The Cure, czyli zespół ikoniczny dla właściwie wszystkich najważniejszych prądów muzycznych lat osiemdziesiątych (od post-punku po indie pop), właśnie uraczył swoich fanów nowym wydaniem płyty "Wish", która miała premierę dokładnie trzydzieści lat temu.
To płyta w pewnym sensie wyjątkowa, albowiem można ją nazwać najmniej legendarnym albumem legendarnego zespołu. W karierze grupy The Cure zdarzały się oczywiście krążki znacznie gorsze, natomiast akurat ten jest wyjątkowy między innymi poprzez jego umiejscowienie chronologicznie. “Wish” ukazał się w 1992 roku.
Był projektem, którym The Cure niejako otwierali dla siebie lata dziewięćdziesiąte
Brytyjczycy należeli wtedy do artystycznej ekstraklasy – mieli na koncie wybitne dzieła spod znaku rocka gotyckiego i nowofalowego. Na dodatek promujący ten krążek singiel “Friday I'm in Love” okazał się spektakularnym sukcesem komercyjnym. Wszystkie te przesłanki tylko zaostrzały apetyt odbiorców, a przy tym oczywiście nakładały ogromną presję na twórców.
Od kultowego już wtedy The Cure oczekiwano tego, by dokonali niemożliwego. Żeby byli jeszcze zimniejsi niż na arktycznej “Pornography”, jeszcze bardziej romantyczni niż na skrajnie nadwrażliwym “Disintegration” oraz mroczniejsi niż na smołowatych “Seventeen Seconds”.
Tymczasem autorzy groteskowego hitu “Lullaby” nie poszli żadną ze wspomnianych dróg
Celowo postanowili nie pokonywać kolejnych szczebli drabinki. Stworzyli antysequel, przekornie zaprzeczając konieczności hasła szybciej, mocniej, lepiej. Zamiast tego wybrali inaczej, czym odrobinę rozczarowali swoją publiczność kilka dekad temu. Postawili na solidny harmider rocka alternatywnego i melodie jednocześnie prostsze i bardziej zwarte niż ich dotychczasowe kompozycyjne eposy.
Na “Wish” zmienił się również ton liryczny. Smithowe melancholijne wiersze stały się mniej literackie, mniej wszechogarniające. Jego osobiste przemyślenia, które kiedyś stawały się tragikomediami wagi wręcz kosmicznej, zostały sprowadzone na ziemię. Album zaoferował natomiast pragmatyczne melodie i pragmatyczną poezję.

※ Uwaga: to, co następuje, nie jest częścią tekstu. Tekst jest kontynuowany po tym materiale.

Lemma a_lim_right s : 0 <= s -> filterlim a (at_right s) (locally (a s)).
Proof.
  intros Hs P HP. destruct (a_cont_right s Hs P HP) as [e He].
  exists e; intros y Hy Hsy; apply He; auto; lra.
Qed.

Definition Phi (tau t : R) : R := asin (a t / a tau).
Definition dPhi (tau t : R) : R := Derive a t / sqrt (a tau ^ 2 - a t ^ 2).

Section Substitution.
Variable tau : R.
Hypothesis Htau : 0 < tau.

Lemma a_ratio_bounds t : 0 <= t <= tau -> 0 <= a t / a tau <= 1.
Proof.
  intros Ht. pose proof (a_pos tau Htau). pose proof (a_nonneg t (proj1 Ht)).
  pose proof (a_le t tau (proj1 Ht) (proj2 Ht)).
  split; [apply Rdiv_le_0_compat; lra|].
  apply (Rmult_le_reg_r (a tau)); [lra|]; unfold Rdiv; rewrite Rmult_assoc, Rinv_l by lra; lra.
Qed.

Lemma a_ratio_lt1 t : 0 <= t < tau -> a t / a tau < 1.
Proof.
  intros Ht. pose proof (a_pos tau Htau). pose proof (a_lt t tau (proj1 Ht) (proj2 Ht)).
  apply (Rmult_lt_reg_r (a tau)); [lra|]; unfold Rdiv; rewrite Rmult_assoc, Rinv_l by lra; lra.
Qed.

Lemma Phi_lt x y : 0 <= x -> x < y -> y <= tau -> Phi tau x < Phi tau y.
Proof.
  intros Hx Hxy Hy. unfold Phi. pose proof (a_pos tau Htau).
  pose proof (a_ratio_bounds x ltac:(lra)); pose proof (a_ratio_bounds y ltac:(lra)).
  apply asin_lt; try lra.
  apply Rmult_lt_compat_r; [apply Rinv_0_lt_compat; auto | apply a_lt; auto].
Qed.

Lemma Phi_tau : Phi tau tau = PI / 2.
Proof.
  unfold Phi. pose proof (a_pos tau Htau).
  replace (a tau / a tau) with 1 by (field; lra). apply asin_1.
Qed.

Lemma Phi_zero : Phi tau 0 = 0.
Proof. unfold Phi; rewrite a_zero; unfold Rdiv; rewrite Rmult_0_l; apply asin_0. Qed.

Lemma Phi_le_PI2 t : Phi tau t <= PI / 2.
Proof. apply asin_bound. Qed.

Lemma Phi_nonneg t : 0 <= t <= tau -> 0 <= Phi tau t.
Proof.
  intros Ht. rewrite <- Phi_zero. destruct (proj1 Ht) as [H|H]; [|subst; lra].
  left; apply Phi_lt; lra.
Qed.

Lemma Phi_der t : 0 < t < tau -> is_derive (Phi tau) t (dPhi tau t).
Proof.
  intros Ht. pose proof (a_pos tau Htau) as HA.
  assert (Hr : 0 <= a t / a tau < 1)
    by (split; [apply a_ratio_bounds | apply a_ratio_lt1]; lra).
  assert (Hd : is_derive (fun t => a t / a tau) t (Derive a t / a tau)).
  { apply (is_derive_ext (fun t => / a tau * a t)); [intro x; unfold Rdiv; apply Rmult_comm|].
    replace (Derive a t / a tau) with (/ a tau * Derive a t) by (unfold Rdiv; ring).
    apply is_derive_scal, Derive_correct, a_ex_derive; lra. }
  pose proof (is_derive_comp asin _ t _ _ (asin_der (a t / a tau) ltac:(lra)) Hd) as Hc.
  unfold Phi. replace (dPhi tau t) with
    (scal (Derive a t / a tau) (1 / sqrt (1 - (a t / a tau) ^ 2))); [exact Hc|].
  change (Derive a t / a tau * (1 / sqrt (1 - (a t / a tau) ^ 2)) = dPhi tau t).
  pose proof (a_lt t tau ltac:(lra) ltac:(lra)); pose proof (a_pos t ltac:(lra)).
  replace (1 - (a t / a tau) ^ 2) with ((a tau ^ 2 - a t ^ 2) / a tau ^ 2) by (field; lra).
  rewrite sqrt_div_alt, sqrt_pow2 by (try apply pow_lt; lra).
  assert (0 < sqrt (a tau ^ 2 - a t ^ 2)) by (apply sqrt_lt_R0; nra).
  unfold dPhi; field; lra.
Qed.

Lemma dPhi_cont t : 0 < t < tau -> continuous (dPhi tau) t.
Proof.
  intros Ht. pose proof (a_pos t (proj1 Ht)); pose proof (a_lt t tau ltac:(lra) ltac:(lra)).
  apply cont_div; [apply da_cont; lra | |].
  - apply cont_sqrt, cont_minus; [apply continuous_const | apply cont_pow, a_cont; lra].
  - apply Rgt_not_eq, sqrt_lt_R0; nra.
Qed.

Lemma Phi_lim_right s : 0 <= s < tau -> filterlim (Phi tau) (at_right s) (locally (Phi tau s)).
Proof.
  intros Hs. pose proof (a_pos tau Htau).
  assert (Hr : 0 <= a s / a tau < 1)
    by (split; [apply a_ratio_bounds | apply a_ratio_lt1]; lra).
  apply (filterlim_comp _ _ _ (fun t => a t / a tau) asin _ (locally (a s / a tau))).
  - apply (filterlim_comp _ _ _ a (fun y => y / a tau) _ (locally (a s)));
      [apply a_lim_right; lra|].
    apply (cont_div (fun y : R => y) (fun _ => a tau));
      [apply continuous_id | apply continuous_const | lra].
  - apply asin_cont; lra.
Qed.

Lemma Phi_lim_left : filterlim (Phi tau) (at_left tau) (locally (PI / 2)).
Proof.
  pose proof (a_pos tau Htau). rewrite <- Phi_tau.
  apply (filterlim_filter_le_1 _ (filter_le_within _)).
  apply (cont_comp (fun t => a t / a tau) asin).
  - apply (cont_div a (fun _ => a tau)); [apply a_cont; auto | apply continuous_const | lra].
  - replace (a tau / a tau) with 1 by (field; lra); apply asin_cont_1.
Qed.

Lemma is_RInt_gen_Phi_subst s (g G : R -> R) M : 0 <= s < tau ->
  (forall t, 0 < t < tau -> g t = dPhi tau t * G (Phi tau t)) ->
  (forall p, Phi tau s < p <= PI / 2 -> continuous G p) ->
  (forall p, Phi tau s < p <= PI / 2 -> Rabs (G p) <= M) ->
  exists l, is_RInt_gen g (at_right s) (at_left tau) l /\
    forall u, Phi tau s < u <= PI / 2 -> Rabs (l - RInt G u (PI / 2)) <= M * (u - Phi tau s).
Proof.
  intros Hs Hg HGc HGb.
  apply (is_RInt_gen_subst_bounded g G (Phi tau) (dPhi tau)); auto; try lra.
  - rewrite <- Phi_tau; apply Phi_lt; lra.
  - intros x Hx; split; [apply Phi_lt; lra | apply Phi_le_PI2].
  - intros x Hx; split; [apply Phi_der | apply dPhi_cont]; lra.
  - intros x Hx; apply Hg; lra.
  - apply Phi_lim_right; auto.
  - apply Phi_lim_left.
Qed.

End Substitution.

End RegularScaleFactor.

(** * Continuity of [rho_int] and of [t0_of] *)

Section Rho.
Variable a : R -> R.
Hypothesis Ha : regular_scale_factor a.

Definition rho_integrand (tau t : R) : R := aext a t / sqrt (aext a tau ^ 2 - aext a t ^ 2).

(* The integrand of [rho_M] after the substitution [p = Phi tau t], i.e. [a(t) = a(tau) sin p]. *)
Definition rho_subst (tau p : R) : R := a_over_da a (ainv a (a tau * sin p)).

Lemma rho_integrand_joint_cont (x0 : R * R) p : 0 < fst x0 -> Rabs p < fst x0 ->
  continuous (fun z : (R * R) * R => rho_integrand (fst (fst z)) (snd z)) (x0, p).
Proof.
  destruct x0 as [t0 s0]; simpl; intros H1 H2. unfold rho_integrand.
  assert (Hlt := aext_lt a Ha p t0 H2). pose proof (aext_nonneg a Ha p).
  apply cont_div; [apply cont_snd, aext_cont; auto | |].
  - apply cont_sqrt, cont_minus; apply cont_pow; [|apply cont_snd, aext_cont; auto].
    apply (cont_fst (fun x : R * R => aext a (fst x))), (cont_fst (aext a)), aext_cont; auto.
  - simpl; apply Rgt_not_eq, sqrt_lt_R0; nra.
Qed.

Lemma rho_integrand_cont tau t : 0 < tau -> Rabs t < tau -> continuous (rho_integrand tau) t.
Proof.
  intros H1 H2. apply (continuous_slice_snd (fun x : R * R => rho_integrand (fst x)) (tau, 0) t).
  apply rho_integrand_joint_cont; auto.
Qed.

Lemma rho_integrand_cont_open tau : 0 < tau ->
  forall t, - tau < t < tau -> continuous (rho_integrand tau) t.
Proof. intros Ht t H; apply rho_integrand_cont; auto; apply Rabs_def1; lra. Qed.

Lemma rho_integrand_even tau t : rho_integrand tau (- t) = rho_integrand tau t.
Proof. unfold rho_integrand, aext; rewrite Rabs_Ropp; reflexivity. Qed.

Lemma rho_integrand_pos tau t : Rabs t < tau -> t <> 0 -> 0 < rho_integrand tau t.
Proof.
  intros H1 H2. pose proof (aext_lt a Ha t tau H1).
  assert (0 < aext a t) by (unfold aext; apply (a_pos a Ha), Rabs_pos_lt; auto).
  apply Rdiv_lt_0_compat, sqrt_lt_R0; nra.
Qed.

Lemma rho_integrand_nonneg tau t : Rabs t < tau -> 0 <= rho_integrand tau t.
Proof.
  intros H. destruct (Req_dec t 0) as [->|Ht]; [|left; apply rho_integrand_pos; auto].
  unfold rho_integrand, aext; rewrite Rabs_R0, (a_zero a Ha); unfold Rdiv; lra.
Qed.

Lemma rho_subst_joint_cont tau p : 0 < tau -> 0 < p < PI ->
  continuous (fun z : R * R => rho_subst (fst z) (snd z)) (tau, p).
Proof.
  intros Ht Hp. unfold rho_subst.
  assert (0 < sin p) by (apply sin_gt_0; lra). pose proof (a_pos a Ha tau Ht).
  apply (cont_comp (fun z : R * R => ainv a (a (fst z) * sin (snd z)))).
  - apply (cont_comp (fun z : R * R => a (fst z) * sin (snd z))).
    + apply cont_mult; [apply cont_fst, (a_cont a Ha); auto | apply cont_snd, continuous_sin].
    + apply (ainv_cont a Ha); simpl; nra.
  - apply (a_over_da_cont a Ha), (ainv_pos a Ha); simpl; nra.
Qed.

Lemma rho_subst_bounds tau p : 0 < tau -> 0 < p <= PI / 2 ->
  0 < rho_subst tau p <= a_over_da a tau.
Proof.
  intros Ht Hp. pose proof PI_RGT_0. unfold rho_subst.
  assert (0 < sin p) by (apply sin_gt_0; lra). pose proof (SIN_bound p).
  pose proof (a_pos a Ha tau Ht).
  assert (Hy := ainv_pos a Ha (a tau * sin p) ltac:(nra)).
  split; [apply (a_over_da_pos a Ha); auto|].
  apply (a_over_da_mono a Ha); auto; apply (ainv_le a Ha); nra.
Qed.

Lemma rho_integrand_subst tau t : 0 < t < tau ->
  rho_integrand tau t = dPhi a tau t * rho_subst tau (Phi a tau t).
Proof.
  intros Ht. unfold rho_integrand, rho_subst, Phi, dPhi, a_over_da.
  rewrite !aext_eq by lra.
  pose proof (a_pos a Ha tau ltac:(lra)); pose proof (a_pos a Ha t ltac:(lra)).
  pose proof (a_lt a Ha t tau ltac:(lra) ltac:(lra)).
  pose proof (a_ratio_bounds a Ha tau ltac:(lra) t ltac:(lra)).
  rewrite sin_asin by lra.
  replace (a tau * (a t / a tau)) with (a t) by (field; lra).
  rewrite (ainv_a a Ha) by lra.
  pose proof (da_pos a Ha t ltac:(lra)).
  assert (0 < sqrt (a tau ^ 2 - a t ^ 2)) by (apply sqrt_lt_R0; nra).
  field; lra.
Qed.

Lemma rho_M_spec tau : 0 < tau ->
  is_RInt_gen (rho_integrand tau) (at_right 0) (at_left tau) (rho_M a tau) /\
  forall u, 0 < u <= PI / 2 ->
    Rabs (rho_M a tau - RInt (rho_subst tau) u (PI / 2)) <= a_over_da a tau * u.
Proof.
  intros Ht. pose proof PI_RGT_0.
  destruct (is_RInt_gen_Phi_subst a Ha tau Ht 0 (rho_integrand tau) (rho_subst tau)
    (a_over_da a tau) ltac:(lra)) as [l [Hl Hb]]; try rewrite (Phi_zero a Ha) in *.
  - apply rho_integrand_subst.
  - intros p Hp.
    apply (continuous_slice_snd (fun t => rho_subst t) tau p), rho_subst_joint_cont; lra.
  - intros p Hp. destruct (rho_subst_bounds tau p Ht Hp). rewrite Rabs_pos_eq; lra.
  - replace (rho_M a tau) with l by (symmetry; apply is_RInt_gen_unique, Hl).
    split; auto. intros u Hu; rewrite <- (Rminus_0_r u) at 2; apply Hb, Hu.
Qed.

Lemma rho_M_cont tau0 : 0 < tau0 -> continuous (rho_M a) tau0.
Proof.
  intros Ht0. pose proof PI_RGT_0.
  apply (continuous_of_RInt_approx (X := R_UniformSpace) tau0 (fun t => tau0 / 2 < t < 2 * tau0)
    (fun _ => 0) rho_subst (rho_M a) (PI / 2) (a_over_da a (2 * tau0))).
  - apply locally_between; [apply continuous_id | lra].
  - intros; lra.
  - apply continuous_const.
  - intros p Hp; apply rho_subst_joint_cont; lra.
  - intros x p Hx Hp.
    apply (continuous_slice_snd (fun t => rho_subst t) x p), rho_subst_joint_cont; lra.
  - intros x u Hx Hu. eapply Rle_trans; [apply rho_M_spec; lra|].
    rewrite Rminus_0_r; apply Rmult_le_compat_r; [lra | apply (a_over_da_mono a Ha); lra].
Qed.

Lemma rho_int_repr tau s : 0 < tau -> - tau < s < tau ->
  rho_int a tau s = rho_M a tau + RInt (rho_integrand tau) s 0.
Proof.
  intros Ht Hs. pose proof (rho_integrand_cont_open tau Ht) as Hc.
  apply is_RInt_gen_unique, (is_RInt_gen_shift_lower _ (- tau) tau Hc); try lra.
  apply (filterlim_RInt_of_is_RInt_gen _ (- tau) tau Hc); [lra | apply rho_M_spec; auto].
Qed.

Lemma rho_int_joint_cont (x0 : R * R) : 0 < fst x0 -> Rabs (snd x0) < fst x0 ->
  continuous (fun x : R * R => rho_int a (fst x) (snd x)) x0.
Proof.
  destruct x0 as [t0 s0]; simpl; intros H1 H2.
  set (d0 := (t0 + Rabs s0) / 2). pose proof (Rabs_pos s0).
  assert (Hloc : locally (t0, s0) (fun x : R * R => 0 < fst x /\ Rabs (snd x) < d0 < fst x)).
  { assert (Hd : 0 < (t0 - Rabs s0) / 2) by lra.
    exists (mkposreal _ Hd); intros [t s] [Ht Hs]; simpl in *.
    rewrite ball_R in Ht, Hs; simpl in *; apply Rabs_lt_between' in Ht.
    pose proof (Rabs_triang_inv s s0); unfold d0; lra. }
  apply (filterlim_ext_loc
    (fun x : R * R => rho_M a (fst x) + RInt (rho_integrand (fst x)) (snd x) 0)).
  { generalize Hloc; apply filter_imp; intros [t s] [Ht [Hs Hd]]; simpl in *.
    symmetry; apply rho_int_repr; auto; apply Rabs_lt_between; lra. }
  simpl; rewrite rho_int_repr by (auto; apply Rabs_lt_between; lra).
  change (continuous (fun x : R * R => rho_M a (fst x) + RInt (rho_integrand (fst x)) (snd x) 0)
    (t0, s0)).
  apply cont_plus; [apply (cont_fst (rho_M a)), rho_M_cont; auto|].
  apply (continuous_RInt_param_lower (X := prod_UniformSpace R_UniformSpace R_UniformSpace)
    (t0, s0) (fun x => rho_integrand (fst x)) snd (- d0) d0 0); simpl.
  - assert (Hq : Rabs s0 < d0) by (unfold d0; lra). apply Rabs_def2 in Hq; lra.
  - unfold d0; lra.
  - intros p Hp; apply rho_integrand_joint_cont; simpl; auto.
    apply Rabs_def1; unfold d0 in *; lra.
  - generalize Hloc; apply filter_imp; intros [t s] [Ht [Hs Hd]] p Hp; simpl in *.
    apply rho_integrand_cont; auto; apply Rabs_def1; lra.
  - apply continuous_snd.
Qed.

Nie oznacza to wcale, że “Wish” jest artystyczną kapitulacją
Wręcz przeciwnie, w zestawieniu z trajektorią kariery The Cure w latach osiemdziesiątych nagranie “Wish” było aktem odwagi. Zdobycie się na stylistyczną powściągliwość w momencie, gdy zyskało się uznanie publiczności dzięki swojej celebracji przesady, musiało wiązać się z pewnego rodzaju niebezpieczeństwem. Taki ruch oczywiście spotkał się z mieszanymi reakcjami, natomiast z dzisiejszej perspektywy okazuje się, że był on trafiony.
Obecnie ciężko być rozczarowanym brzmieniem albumu. W 2022 roku “Wish” jawi się jako płyta potrzebna. To projekt, który pozwala złapać powietrze po przygniatających duszną atmosferą poprzednich krążkach. Ponadto, zrywając z niego kontekst wielce oczekiwanego dzieła, możemy dostrzec jego prawdziwą wartość, to znaczy ujrzeć w nim wartościowy, solidny alternatywny rock z lat dziewięćdziesiątych.
Trzydziestolecie “Wish” jest więc wydarzeniem, które warto celebrować. To nie najlepsza, najbardziej eksperymentalna ani nawet najciekawsza płyta The Cure. Na pewno jest to jednak dzieło ukazujące odwagę artystyczną zespołu w dość nieoczywisty sposób. Ta płyta udowadnia, że czasami godnym szacunku ryzykiem jest wybranie pozornie najbezpieczniejszej ścieżki.